Now, what if in an agentic system that I described earlier, we take a much higher magnitude goal? What if the goal of AP is not just to pay invoices on time but to optimize our cash flow? The system has the freedom to operate fluidly within the boundaries that we set. A particular invoice will go through all of the steps, but then a second invoice comes in and the agents will know that this invoice is in Euro and I have a 60-day payment term on this particular invoice. That means I'm going to call a Forex trading agent and say, can I invest this for 59 days and actually improve my cash flow? Or a third invoice comes in and it recognizes that the last four times I approved this particular vendor payment, it had to go into dispute because we did not like the quality of the deliverable that the vendor had. And so this time, I'm going to proactively bring human in the loop and say, even though approval processes have confirmed, I'm going to enroll the human and say, hey, last four times we didn't like what happened here. Do you still want me to pay?

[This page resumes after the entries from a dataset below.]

Lemma act_comb n a (c : 'I_n -> K) ws : act a (comb c ws) = comb (fun k => a * c k) ws.
Proof.
rewrite /comb (big_morph (act a) (actDr a) (act0r a)).
by apply: eq_bigr => k _; rewrite actA.
Qed.

Lemma in_span_mod_widen n (ws : 'I_n.+1 -> V) c v :
  c ord_max = 0 -> U (v - comb c ws) -> in_span_mod (ws \o widen_ord (leqnSn n)) v.
Proof. by move=> c0; rewrite comb_recr c0 act0l addr0; exists (c \o widen_ord (leqnSn n)). Qed.

Lemma dependent_mod n N (ws : 'I_n -> V) (vs : 'I_N -> V) : (n < N)%N ->
  (forall i, in_span_mod ws (vs i)) ->
  exists2 c : 'I_N -> K, (exists i, c i != 0) & U (comb c vs).
Proof.
elim: n ws N vs => [|n IHn] ws [//|N] vs ltnN vs_span;
  have [a Ua] := fin_all_exists vs_span.
  exists (fun i => (i == ord0)%:R); first by exists ord0; rewrite eqxx oner_neq0.
  rewrite /comb (bigD1 ord0) //= big1 => [|i /negbTE->]; last exact: act0l.
  by rewrite act1 addr0; have := Ua ord0; rewrite /comb big_ord0 subr0.
have [j aj0|a0] := pickP (fun i => a i ord_max != 0); last first.
  apply: (IHn (ws \o widen_ord (leqnSn n))) => [|i]; first exact: ltnW.
  by apply: in_span_mod_widen (Ua i); apply/eqP/negbFE/a0.
(* [vs j] involves [ws ord_max]; use it to eliminate [ws ord_max] from the others. *)
pose lam i := a (lift j i) ord_max / a j ord_max.
pose vs' i := vs (lift j i) - act (lam i) (vs j).
have vs'_span i : in_span_mod (ws \o widen_ord (leqnSn n)) (vs' i).
  apply: (@in_span_mod_widen _ _ (fun k => a (lift j i) k - lam i * a j k)).
    by rewrite divrK ?subrr ?K_division.
  rewrite combB -act_comb subrBB -actBr.
  by apply: UB => //; apply: Uact.
have [c' [i' c'i'] Uc'] := IHn _ _ vs' ltnN vs'_span.
exists (fun i => if unlift j i is Some k then c' k else - \sum_k c' k * lam k).
  by exists (lift j i'); rewrite liftK.
rewrite (comb_lift _ _ j) unlift_none /comb /=.
under [X in _ + X]eq_bigr do rewrite liftK.
rewrite actNl act_suml addrC -sumrB.
by under eq_bigr do rewrite actA -actBr.
Qed.

Section InjectiveEndomorphism.
Variable phi : V -> V.
Hypothesis phiD : forall x y, phi (x + y) = phi x + phi y.
Hypothesis phi_act : forall a x, phi (act a x) = act a (phi x).
Hypothesis phi_inj : forall x, U (phi x) -> U x.

Lemma phi0 : phi 0 = 0.
Proof. by apply: (addIr (phi 0)); rewrite -phiD !add0r. Qed.

Lemma phiN x : phi (- x) = - phi x.
Proof. by apply: (addIr (phi x)); rewrite -phiD !addNr phi0. Qed.

Lemma surj_mod_of_inj n (ws : 'I_n -> V) :
  (forall v, in_span_mod ws v) -> free_mod ws -> forall w, exists v, U (phi v - w).
Proof.
move=> ws_span ws_free w.
pose vs (i : 'I_n.+1) := if unlift ord_max i is Some k then phi (ws k) else w.
have [c [i ci0] Uc] := dependent_mod (ltnSn n) (fun i => ws_span (vs i)).
set S := comb (c \o lift ord_max) ws.
have phiS : comb (c \o lift ord_max) (vs \o lift ord_max) = phi S.
  rewrite /S /comb (big_morph phi phiD phi0).
  by apply: eq_bigr => k _; rewrite /vs /= liftK phi_act.
rewrite (comb_lift _ _ ord_max) /vs unlift_none phiS in Uc.
have [cmax0|cmax] := eqVneq (c ord_max) 0.
  rewrite cmax0 act0l add0r in Uc.
  move/(_ _ (phi_inj Uc)): ws_free => c0.
  move: ci0; case: (unliftP ord_max i) => [k ->|->]; last by rewrite cmax0 eqxx.
  by have /= -> := c0 k; rewrite eqxx.
exists (- act (c ord_max)^-1 S); rewrite phiN phi_act -opprD.
apply: UN; move/(Uact (c ord_max)^-1): Uc.
by rewrite actDr -actA mulVr ?K_division // act1 addrC.
Qed.

End InjectiveEndomorphism.

End LinearAlgebraModulo.

Section LeftModulesModulo.
Variables (K : unitRingType) (V : lmodType K) (U : V -> Prop).
Hypothesis K_division : division_ring K.
Hypothesis U0 : U 0.
Hypothesis UB : forall x y, U x -> U y -> U (x - y).
Hypothesis UZ : forall a x, U x -> U (a *: x).
Theorem comparison_principle :
  0 < T -> cont_on_half u -> poly_growth_on T (fun t x => u t x - w t x) ->
  (forall x, u 0 x <= w 0 x) -> forall t x, 0 <= t < T -> u t x <= w t x.
Proof.
  intros hT hu [C [k hC]] h0 t1 x1 ht1.
  apply Rnot_lt_le; intro hlt.
  set (eta := u t1 x1 - w t1 x1).
  assert (heta : 0 < eta) by (unfold eta; lra).
  pose proof (poly_bound_coeff_ge0 _ _ _ (hC 0 0 ltac:(lra))) as hC0.
  set (P := INR (S (S (2 * k))) * INR (S (2 * k))).
  assert (hKP : 0 <= K * P) by (apply Rmult_le_pos; [|apply Rmult_le_pos; apply pos_INR]; lra).
  (* lam > K P makes the penalty a strict supersolution; the second bound makes it beat the
     growth of u - w at time T. *)
  destruct (exists_rate_above (K * P) (4 * C * (1 + x1 ^ S (S (2 * k))) / eta) (T - t1) ltac:(lra))
    as [lam [hlam hlamT]].
  pose proof (penalty_pos lam k t1 x1).
  set (eps := eta / (2 * penalty lam k t1 x1)).
  assert (heps : 0 < eps) by (apply Rdiv_lt_0_compat; lra).
  set (Phi := fun t x => u t x - w t x - eps * penalty lam k t x).
  assert (hPhi1 : Phi t1 x1 = eta / 2) by (unfold Phi, eps; fold eta; field; lra).
  assert (hPhi0 : forall x, Phi 0 x < 0).
  { intro x; pose proof (h0 x); pose proof (penalty_pos lam k 0 x).
    assert (0 < eps * penalty lam k 0 x) by (apply Rmult_lt_0_compat; lra).
    unfold Phi; lra. }
  assert (hbound : forall t x, 0 <= t <= T -> u t x - w t x <= C * (1 + Rabs x ^ k)).
  { intros t x ht; pose proof (Rle_abs (u t x - w t x)); pose proof (hC t x ht); lra. }
  assert (hPhiT : forall x, Phi T x < 0).
  { intro x; pose proof (hbound T x ltac:(lra)); pose proof (poly_bound_le_even_power C k x hC0).
    pose proof (penalty_terminal_dominates lam C eta t1 T x1 x k hC0 heta hlamT) as hdom.
    fold eps in hdom; unfold Phi; lra. }
  assert (hfar : forall t x, 0 <= t <= T -> 1 + 2 * C / eps <= Rabs x -> Phi t x < Phi t1 x1).
  { intros t x ht hx; pose proof (hbound t x ht).
    pose proof (poly_bound_below_higher_power C eps k (S (S (2 * k))) x hC0 heps ltac:(lia) hx).
    rewrite <- pow_SS_double in *.
    pose proof (penalty_ge_profile lam k t x ltac:(apply Rmult_le_pos; lra)).
    unfold Phi in *; nra. }
  destruct (cont_on_half_strip_max Phi T _ t1 x1 (cont_on_half_penalized eps lam k hu) ltac:(lra) hfar)
    as [t0 [x0 [ht0 hmax]]].
  assert (hM : eta / 2 <= Phi t0 x0) by (rewrite <- hPhi1; apply hmax; lra).
  apply (penalized_no_interior_max eps lam k t0 x0 heps hlam); [|exact hmax].
  split; apply Rnot_ge_lt; intro hb.
  - replace t0 with 0 in hM by lra; pose proof (hPhi0 x0); lra.
  - replace t0 with T in hM by lra; pose proof (hPhiT x0); lra.
Qed.

End Comparison.

(** * The self-similar solution *)

Lemma Gfun_pos_homogeneous (sl su c a : R) : 0 <= c -> Gfun sl su (c * a) = c * Gfun sl su a.
Proof.
  intro hc; unfold Gfun.
  destruct (Rle_dec 0 a).
  - rewrite (Rmax_left (c * a)), (Rmax_left a), (Rmax_right (- (c * a))), (Rmax_right (- a)) by nra.
    ring.
  - rewrite (Rmax_right (c * a)), (Rmax_right a), (Rmax_left (- (c * a))), (Rmax_left (- a)) by nra.
    ring.
Qed.

Lemma Gfun_one_sided_lipschitz (sl su a b : R) :
  0 <= b -> Gfun sl su (a + b) <= Gfun sl su a + (sl ^ 2 + su ^ 2) / 2 * b.
Proof.
  intro hb; unfold Gfun.
  assert (0 <= sl ^ 2) by (simpl; nra); assert (0 <= su ^ 2) by (simpl; nra).
  unfold Rmax; repeat destruct Rle_dec; nra.
Qed.

(* ln (1 - t) for t <= a, continued affinely and C^1 past a < 1, so that the self-similar
   solution below is C^{1,2} on the whole plane. *)
Definition ln_1m_ext (a t : R) : R := ln (1 - Rmin t a) - Rmax (t - a) 0 / (1 - a).

Definition ln_1m_ext' (a t : R) : R := - / (1 - Rmin t a).

Lemma ln_1m_ext_le (a t : R) : t <= a -> ln_1m_ext a t = ln (1 - t).
Proof.
  intro h; unfold ln_1m_ext; rewrite Rmin_left, Rmax_right by lra; unfold Rdiv; ring.
Qed.

Lemma ln_1m_ext_ge (a t : R) : a <= t -> ln_1m_ext a t = ln (1 - a) - (t - a) / (1 - a).
Proof. intro h; unfold ln_1m_ext; rewrite Rmin_right, Rmax_left by lra; reflexivity. Qed.
(* Let $(X,d)$ be a metric space and let $U\subseteq F_{USCB}(X)$. Then $U$ is totally bounded in $(F_{USCB}(X),H_{\rm send})$ if and only if $U(0)=\bigcup_{u\in U}[u]_0$ is totally bounded in $X$.
   Context: A fuzzy set on $X$ is a function $u:X\to[0,1]$, with $\alpha$-cuts $[u]_\alpha=\{x: u(x)\ge\alpha\}$ for $\alpha\in(0,1]$ and $[u]_0=\overline{\{u>0\}}$. $F_{USC}(X)$ is the set of fuzzy sets with all $\alpha$-cuts ($\alpha\in[0,1]$) non-empty and closed; $F_{USCB}(X)=\{u\in F_{USC}(X): [u]_0\text{ is compact}\}$. $X\times[0,1]$ is metrized by $\overline{d}((x,\alpha),(y,\beta))=d(x,y)+|\alpha-\beta|$; ${\rm send}\,u=\{(x,t)\in X\times[0,1]: u(x)\ge t\}\cap([u]_0\times[0,1])$; $H_{\rm send}(u,v)=H({\rm send}\,u,{\rm send}\,v)$ where $H$ is the Hausdorff distance $H(A,B)=\max\{\sup_{a\in A}\inf_{b\in B}\overline{d}(a,b),\sup_{b\in B}\inf_{a\in A}\overline{d}(a,b)\}$. *)

From HB Require Import structures.
From mathcomp Require Import all_boot all_order all_algebra.
From mathcomp Require Import all_classical all_reals all_analysis.
Set Implicit Arguments. Unset Strict Implicit. Unset Printing Implicit Defensive.
Import Order.TTheory GRing.Theory Num.Theory.
Local Open Scope classical_set_scope.
Local Open Scope ring_scope.

Section Fuzzy.
Context {R : realType} {X : metricType R}.

Definition fuzzy_valued (u : X -> R) := forall x, 0 <= u x <= 1.

Definition cut (u : X -> R) (a : R) : set X :=
  if a == 0 then closure [set x | 0 < u x] else [set x | a <= u x].

Definition F_USC : set (X -> R) :=
  [set u | fuzzy_valued u /\
     forall a : R, 0 <= a <= 1 -> cut u a !=set0 /\ closed (cut u a)].

Definition F_USCB : set (X -> R) :=
  [set u | F_USC u /\ compact (cut u 0)].

Definition dbar (p q : X * R) : R := mdist p.1 q.1 + `|p.2 - q.2|.

Definition send (u : X -> R) : set (X * R) :=
  [set p | [/\ 0 <= p.2 <= 1, p.2 <= u p.1 & cut u 0 p.1]].

Definition hausdorff (A B : set (X * R)) : \bar R :=
  maxe (ereal_sup [set ereal_inf [set (dbar a b)%:E | b in B] | a in A])
       (ereal_sup [set ereal_inf [set (dbar a b)%:E | a in A] | b in B]).

Definition H_send (u v : X -> R) : \bar R := hausdorff (send u) (send v).

Definition totally_bounded_Hsend (U : set (X -> R)) :=
  forall eps : R, 0 < eps -> exists S : set (X -> R),
    [/\ finite_set S, S `<=` F_USCB &
        forall u, U u -> exists2 v, S v & (H_send u v < eps%:E)%E].

Definition totally_bounded_X (A : set X) :=
  forall eps : R, 0 < eps -> exists S : set X,
    finite_set S /\ forall x, A x -> exists2 y, S y & mdist x y < eps.

Definition U0 (U : set (X -> R)) : set X := \bigcup_(u in U) cut u 0.

End Fuzzy.

(* If U is totally bounded for H_send, the 0-cuts of a finite eps/2-net are
   compact, hence covered by finitely many eps/2-balls; a point x of [u]_0
   gives (x, 0) in send u, which is eps/2-close to send v for some net element
   v, so these balls cover U(0) up to eps.
   Conversely, fix a finite d-net s of U(0) and a grid step 1/m.  Replacing u
   by the fuzzy set supported on s whose value at y is the largest value of u
   near y, rounded up to the grid, yields an element of F_USCB at H_send-distance
   at most d + 1/m from u, and there are only finitely many such fuzzy sets. *)

From Pilot Require Import Defs.
From HB Require Import structures.
From mathcomp Require Import all_boot all_order all_algebra.
From mathcomp Require Import all_classical all_reals all_analysis.
Set Implicit Arguments. Unset Strict Implicit. Unset Printing Implicit Defensive.
Import Order.TTheory GRing.Theory Num.Theory.
Local Open Scope classical_set_scope.
Local Open Scope ring_scope.
Local Notation cut := Defs.cut.

Section MetricNets.
Context {R : realType} {X : metricType R}.

Definition is_net (s : seq X) (d : R) (A : set X) :=
  forall x, A x -> exists2 y, y \in s & mdist x y < d.

Lemma compact_finite_net (K : set X) (d : R) :
  compact K -> 0 < d -> exists s, is_net s d K.
Proof.
move=> cK d0; apply: contrapT => no_net.
pose B (s : seq X) := K `\` \bigcup_(y in [set` s]) ball y d.
have BF : Filter (filter_from setT B).
  apply: filter_from_filter => [|s1 s2 _ _]; first by exists [::].
  exists (s1 ++ s2) => // x [Kx Bx]; split; split => // -[y ys yx];
    by apply: Bx; exists y; rewrite //= mem_cat ys ?orbT.
have BP : ProperFilter (filter_from setT B).
  apply: filter_from_proper => // s _; apply: contrapT => /set0P/negP.
  rewrite negbK => /eqP B0; apply: no_net; exists s => x Kx.
  apply: contrapT => far; suff : B s x by rewrite B0.
  by split=> // -[y ys]; rewrite ballEmdist /= metric_sym => ?; apply: far; exists y.
have [|p [Kp clp]] := cK _ BP; first by exists [::] => // x [].
have Bp : filter_from setT B (B [:: p]) by exists [:: p].
have [z [[_ zfar] pz]] := clp _ _ Bp (nbhsx_ballx p d d0).
by apply: zfar; exists p; rewrite //= inE.
Qed.

Lemma finite_set_closed (A : set X) : finite_set A -> closed A.
Proof. by move=> /finite_compact; apply: compact_closed; exact: metric_hausdorff. Qed.

End MetricNets.

Section FiniteFunctions.
Context {T U : choiceType}.

Lemma finite_set_funs_on (s : seq T) (t : seq U) (c : U) :
  finite_set [set v : T -> U | (forall y, y \notin s -> v y = c) /\
                               forall y, v y \in t].
Proof.
pose decode (f : {ffun seq_sub s -> seq_sub t}) y :=
  if insub y is Some i then val (f i) else c.
apply: (@sub_finite_set _ _ (range decode)); last exact/finite_image/finite_finset.
move=> v [vs vt]; exists [ffun i => SeqSub (vt (val i))] => //.
apply/funext => y; rewrite /decode; case: insubP => [i _ <-|/vs //].
by rewrite ffunE.
Qed.

End FiniteFunctions.

Section Hausdorff.
Context {R : realType} {X : metricType R}.

Lemma hausdorff_lt_near (A B : set (X * R)) (r : R) (a : X * R) :
  (hausdorff A B < r%:E)%E -> A a -> exists2 b, B b & dbar a b < r.
Proof.
move=> ABr Aa.
have : (ereal_inf [set (dbar a b)%:E | b in B] < r%:E)%E.
  apply: le_lt_trans ABr; rewrite le_max; apply/orP; left.
  by apply: ereal_sup_ubound; exists a.
by move=> /ereal_inf_lt [_ [b Bb <-]]; rewrite lte_fin; exists b.
Qed.

Lemma hausdorff_le (A B : set (X * R)) (r : R) :
  (forall a, A a -> exists2 b, B b & dbar a b <= r) ->
  (forall b, B b -> exists2 a, A a & dbar a b <= r) ->
  (hausdorff A B <= r%:E)%E.
Proof.
move=> AB BA; rewrite /hausdorff ge_max; apply/andP; split;
  apply: ge_ereal_sup => _ [a Aa <-]; apply: ge_ereal_inf.
  by have [b Bb ab] := AB _ Aa; exists (dbar a b)%:E; [exists b|rewrite lee_fin].
by have [b Bb ba] := BA _ Aa; exists (dbar b a)%:E; [exists b|rewrite lee_fin].
Qed.

Lemma mdist_le_dbar (p q : X * R) : mdist p.1 q.1 <= dbar p q.
Proof. by rewrite lerDl. Qed.

End Hausdorff.

Section FuzzySets.
Context {R : realType} {X : metricType R}.
Implicit Types (u v : X -> R).

Lemma cut0_gt0 u x : 0 < u x -> cut u 0 x.
Proof. by rewrite /cut eqxx => ux; exact: subset_closure. Qed.

Lemma send_cut0 u x : fuzzy_valued u -> cut u 0 x -> send u (x, 0).
Proof. by move=> /(_ x) /andP[u0 _] ux; split; rewrite //= lexx ler01. Qed.

Lemma F_USC_max u : F_USC u -> exists x, u x = 1.
Proof.
move=> [u01 cuts]; have [|[x ux] _] := cuts 1; first by rewrite ler01 lexx.
rewrite /cut oner_eq0 in ux.
by exists x; apply/eqP; rewrite eq_le ux andbT; have /andP[] := u01 x.
Qed.

Lemma cut0_finite_support v :
  finite_set [set x | 0 < v x] -> cut v 0 = [set x | 0 < v x].
Proof. by move=> /finite_set_closed /closure_id; rewrite /cut eqxx => <-. Qed.

Lemma F_USCB_finite_support v : fuzzy_valued v ->
  finite_set [set x | 0 < v x] -> (exists x, v x = 1) -> F_USCB v.
Proof.
move=> v01 fin [x1 vx1]; have c0 := cut0_finite_support fin.
split; last by rewrite c0; exact: finite_compact.
split=> // a /andP[a0 a1]; split.
  exists x1; rewrite /cut; case: eqP => _; last by rewrite /= vx1.
  by apply: subset_closure; rewrite /= vx1 ltr01.
rewrite /cut; case: eqP => [_|/eqP an0].
  by rewrite -c0 /cut eqxx; exact: closed_closure.
apply: finite_set_closed; apply: sub_finite_set fin => x /=.
by apply: lt_le_trans; rewrite lt_neqAle eq_sym an0.
Qed.

End FuzzySets.

Lemma totally_bounded_U0_of_Hsend {R : realType} {X : metricType R} (U : set (X -> R)) :
  U `<=` F_USCB -> totally_bounded_Hsend U -> totally_bounded_X (U0 U).
Proof.
move=> UF TB eps eps0; have eps20 : 0 < eps / 2 by rewrite divr_gt0.
have [S [finS SF Snet]] := TB _ eps20.
have /choice [net netP] : forall v, exists s, S v -> is_net s (eps / 2) (cut v 0).
  move=> v; have [Sv|] := pselect (S v); last by exists [::].
  by have [s ?] := compact_finite_net (SF _ Sv).2 eps20; exists s.
exists (\bigcup_(v in S) [set` net v]); split.
  by apply: bigcup_finite => // v _; exact: finite_seq.
move=> x [u Uu xu]; have [v Sv uv] := Snet _ Uu.
have [[y t] [_ _ yv] xy] := hausdorff_lt_near uv (send_cut0 (UF _ Uu).1.1 xu).
have [z zv yz] := netP _ Sv _ yv.
exists z; first by exists v.
rewrite [eps]splitr (le_lt_trans (metric_triangle x y z)) // ltrD //.
exact: le_lt_trans (mdist_le_dbar _ _) xy.
Qed.

Lemma grid_bracket {R : realType} (m : nat) (t : R) : (0 < m)%N -> 0 <= t <= 1 ->
  exists2 j, (j < m)%N & j%:R / m%:R <= t <= j.+1%:R / m%:R.
Proof.
move=> m0 /andP[t0 t1]; have m0R : 0 < m%:R :> R by rewrite ltr0n.
have /andP[jt tj] := truncn_itv (mulr_ge0 t0 (ltW m0R)).
have [jm|mj] := ltnP (Num.truncn (t * m%:R)) m.
  by exists (Num.truncn (t * m%:R)); rewrite // ler_pdivrMr // ler_pdivlMr // jt ltW.
exists m.-1; first by rewrite prednK.
rewrite prednK // divff ?gt_eqF // t1 andbT ler_pdivrMr //.
apply: le_trans jt; rewrite ler_nat; exact: leq_trans (leq_pred m) mj.
Qed.

Section Approximation.
Context {R : realType} {X : metricType R}.
Variables (s : seq X) (m : nat) (d : R).
Hypothesis m_gt0 : (0 < m)%N.
Implicit Types (u : X -> R) (x y : X) (j : nat).

Let m_gt0R : 0 < m%:R :> R. Proof. by rewrite ltr0n. Qed.

Definition near_level u y j :=
  exists2 x, cut u 0 x /\ mdist x y < d & j%:R / m%:R <= u x.

(* The [.+1] rounds up, so that [approx u] dominates [u] near [s]. *)
Definition level u y := (\max_(j < m | `[< near_level u y j >]) j.+1)%N.

Definition approx u y : R := if y \in s then (level u y)%:R / m%:R else 0.

Lemma level_le u y : (level u y <= m)%N.
Proof. by apply/bigmax_leqP => j _; exact: ltn_ord. Qed.

Lemma level_ge u y j : (j < m)%N -> near_level u y j -> (j.+1 <= level u y)%N.
Proof.
move=> jm uyj; apply: (leq_bigmax_cond (Ordinal jm) (F := fun j : 'I_m => j.+1)).
exact/asboolP.
Qed.

Lemma level_attained u y : (0 < level u y)%N ->
  exists2 j, near_level u y j & level u y = j.+1.
Proof.
rewrite /level.
case: (pickP (fun j : 'I_m => `[< near_level u y j >])) => [j uyj _|none];
  last by rewrite big_pred0.
have [|i /asboolP uyi max_i] :=
  @eq_bigmax_cond _ [pred j : 'I_m | `[< near_level u y j >]] (fun j : 'I_m => j.+1).
  by apply/card_gt0P; exists j.
by exists i.
Qed.

Lemma approx_fuzzy u : fuzzy_valued (approx u).
Proof.
move=> y; rewrite /approx; case: ifP => _; last by rewrite lexx ler01.
by rewrite divr_ge0 // ler_pdivrMr // mul1r ler_nat level_le.
Qed.

Lemma approx_gt0 u y : 0 < approx u y ->
  y \in s /\ exists2 j, near_level u y j & approx u y = j.+1%:R / m%:R.
Proof.
rewrite /approx; case: ifP => ys; last by rewrite ltxx.
rewrite pmulr_lgt0 ?invr_gt0 // ltr0n => /level_attained [j uyj ->].
by split=> //; exists j.
Qed.

Lemma approx_ge u y j : y \in s -> (j < m)%N -> near_level u y j ->
  j.+1%:R / m%:R <= approx u y.
Proof.
by move=> ys jm uyj; rewrite /approx ys ler_pM2r ?invr_gt0 // ler_nat level_ge.
Qed.

Lemma approx_finite_support u : finite_set [set y | 0 < approx u y].
Proof. by apply: sub_finite_set (finite_seq s) => y /approx_gt0 []. Qed.

Lemma approx_F_USCB u : F_USC u -> is_net s d (cut u 0) -> F_USCB (approx u).
Proof.
move=> Fu unet; apply: F_USCB_finite_support (approx_finite_support u) _.
  exact: approx_fuzzy.
have [x ux1] := F_USC_max Fu.
have [y ys xy] : exists2 y, y \in s & mdist x y < d by apply/unet/cut0_gt0; rewrite ux1.
have uy_top : near_level u y m.-1.
  exists x; first by split=> //; apply: cut0_gt0; rewrite ux1.
  by rewrite ux1 ler_pdivrMr // mul1r ler_nat leq_pred.
exists y; apply/eqP; rewrite eq_le (andP (approx_fuzzy u y)).2 /=.
have top_lt : (m.-1 < m)%N by rewrite prednK.
by have := approx_ge ys top_lt uy_top; rewrite prednK // divff ?gt_eqF.
Qed.

Lemma send_approx_near u p : is_net s d (cut u 0) -> send u p ->
  exists2 q, send (approx u) q & dbar p q <= d.
Proof.
case: p => x t unet [/= t01 tu xu]; have [y ys xy] := unet _ xu.
have [j jm /andP[jt tj]] := grid_bracket m_gt0 t01.
have yj := approx_ge ys jm (ex_intro2 _ _ x (conj xu xy) (le_trans jt tu)).
exists (y, t); last by rewrite /dbar /= subrr normr0 addr0 ltW.
split=> //=; first exact: le_trans yj.
rewrite cut0_finite_support /=; last exact: approx_finite_support.
by apply: lt_le_trans yj; rewrite divr_gt0 ?ltr0n.
Qed.

Lemma approx_send_near u q : fuzzy_valued u -> send (approx u) q ->
  exists2 p, send u p & dbar p q <= d + m%:R^-1.
Proof.
case: q => y t u01 [/= /andP[t0 t1] ty].
rewrite cut0_finite_support /=; last exact: approx_finite_support.
move=> /approx_gt0 [_ [j [x [xu xy] jx] yj]]; rewrite {}yj in ty.
have /andP[ux0 ux1] := u01 x.
exists (x, Num.min t (u x)).
  split=> //=; last by rewrite ge_min lexx orbT.
  by rewrite le_min t0 ux0 ge_min t1.
rewrite /dbar /= lerD ?(ltW xy) //; have [_|ux_t] := leP t (u x).
  by rewrite subrr normr0 invr_ge0 ler0n.
rewrite distrC ger0_norm ?subr_ge0 ?(ltW ux_t) // lerBlDr.
by apply: le_trans ty _; rewrite -natr1 mulrDl mul1r addrC lerD2l.
Qed.

Lemma H_send_approx u : fuzzy_valued u -> is_net s d (cut u 0) ->
  (H_send u (approx u) <= (d + m%:R^-1)%:E)%E.
Proof.
move=> u01 unet; apply: hausdorff_le.
  move=> p /(send_approx_near unet) [q uq pq]; exists q => //.
  by rewrite (le_trans pq) // lerDl invr_ge0 ler0n.
by move=> q /(approx_send_near u01) [p up pq]; exists p.
Qed.

Lemma finite_range_approx : finite_set (range approx).
Proof.
apply: sub_finite_set (finite_set_funs_on s [seq k%:R / m%:R | k <- iota 0 m.+1] 0).
move=> _ [u _ <-]; split=> y; rewrite /approx; first by move=> /negbTE ->.
case: ifP => _; last by apply/mapP; exists 0%N; rewrite ?mul0r.
by apply/mapP; exists (level u y); rewrite // mem_iota ltnS level_le.
Qed.

End Approximation.

Lemma totally_bounded_Hsend_of_U0 {R : realType} {X : metricType R} (U : set (X -> R)) :
  U `<=` F_USCB -> totally_bounded_X (U0 U) -> totally_bounded_Hsend U.
Proof.
move=> UF TB eps eps0; have eps20 : 0 < eps / 2 by rewrite divr_gt0.
pose m := (Num.truncn (2 / eps)).+1.
have m_gt0 : (0 < m)%N by [].
have inv_m : m%:R^-1 < eps / 2.
  rewrite invf_plt ?posrE ?ltr0n // invf_div; exact: truncnS_gt.
have [N [finN Nnet]] := TB _ eps20; have [s sN] := (finite_seqP N).1 finN.
have unet u : U u -> is_net s (eps / 2) (cut u 0).
  by move=> Uu x xu; have [y] := Nnet x (ex_intro2 _ _ u Uu xu); rewrite sN; exists y.
exists [set approx s m (eps / 2) u | u in U]; split.
- by apply: sub_finite_set (finite_range_approx s m (eps / 2)) => _ [u _ <-]; exists u.
- by move=> _ [u Uu <-]; exact: (approx_F_USCB m_gt0 (UF _ Uu).1 (unet _ Uu)).
- move=> u Uu; exists (approx s m (eps / 2) u); first by exists u.
  apply: le_lt_trans (H_send_approx m_gt0 (UF _ Uu).1.1 (unet _ Uu)) _.
  by rewrite lte_fin [ltRHS]splitr ltrD2l.
Qed.

Theorem theorem5p12 (R : realType) (X : metricType R) (U : set (X -> R)) :
  U `<=` F_USCB ->
  (totally_bounded_Hsend U <-> totally_bounded_X (U0 U)).
Proof.
move=> UF; split.
  exact: totally_bounded_U0_of_Hsend.
exact: totally_bounded_Hsend_of_U0.
Qed.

And so that's a much higher order task, but also much more fluid workflows that are happening here. Today, as I was talking about, we are already seeing goal-based agents being in play. This is where you have a planning agent or a planner that takes this higher order task.

It breaks it into manageable chunks. Then you have an orchestrator that works across individual agents inside each of the functions like procurement, receiving, accounts payable, treasury, and goods to get to the payment and reduce the cycle time. In fact, we are seeing this in Amazon as well. I'll give you an example of an orchestrator within Amazon.

In our warehouses, we have over a million robots that help us safely and quickly move packages around. We have an orchestrator called Deep Fleet, which you can think of as the brain of this robotic fleet that manages these million robots distributed all over the world across our warehouses. By constantly optimizing that, we are able to reduce travel time by ten percent. Now, ten percent may not sound like a lot, but at our scale with a million robots and multiple hundreds of warehouses and distribution centers, that means we are able to get packages faster to you. That is an example of an orchestrator operating at scale and optimizing the business outcome.

Intelligence: Choosing the Right Models for Speed, Accuracy, and Cost

Earlier I talked about the behaviors of an agentic system. Let's dive deeper. We talked about the behaviors, the leadership mental model, and the business process changes. Let's examine what are the technical capabilities that bring these behaviors to life. There are three things that agents need. If you want to dive deeper into the architectural implications, you can scan the QR code and read an article that explores the architectural implications in your environment. But really, agents need three things: they need intelligence, they need context, and they need trust.

If we think of an agent as a human body, here is how that looks. Intelligence is like the brain of the agentic system. Your models, including your thinking models for chain of thought, reasoning, and reflection, provide the brain the ability to take the intent and break it into tasks. But just having a brain is like having a brain in a jar. It cannot take any action. So you then have context, which provides the agent the ability to access the right data. It provides the ability to actually take action. It provides the ability to access the tools to go and make things happen. That is like having hands to go and do the work.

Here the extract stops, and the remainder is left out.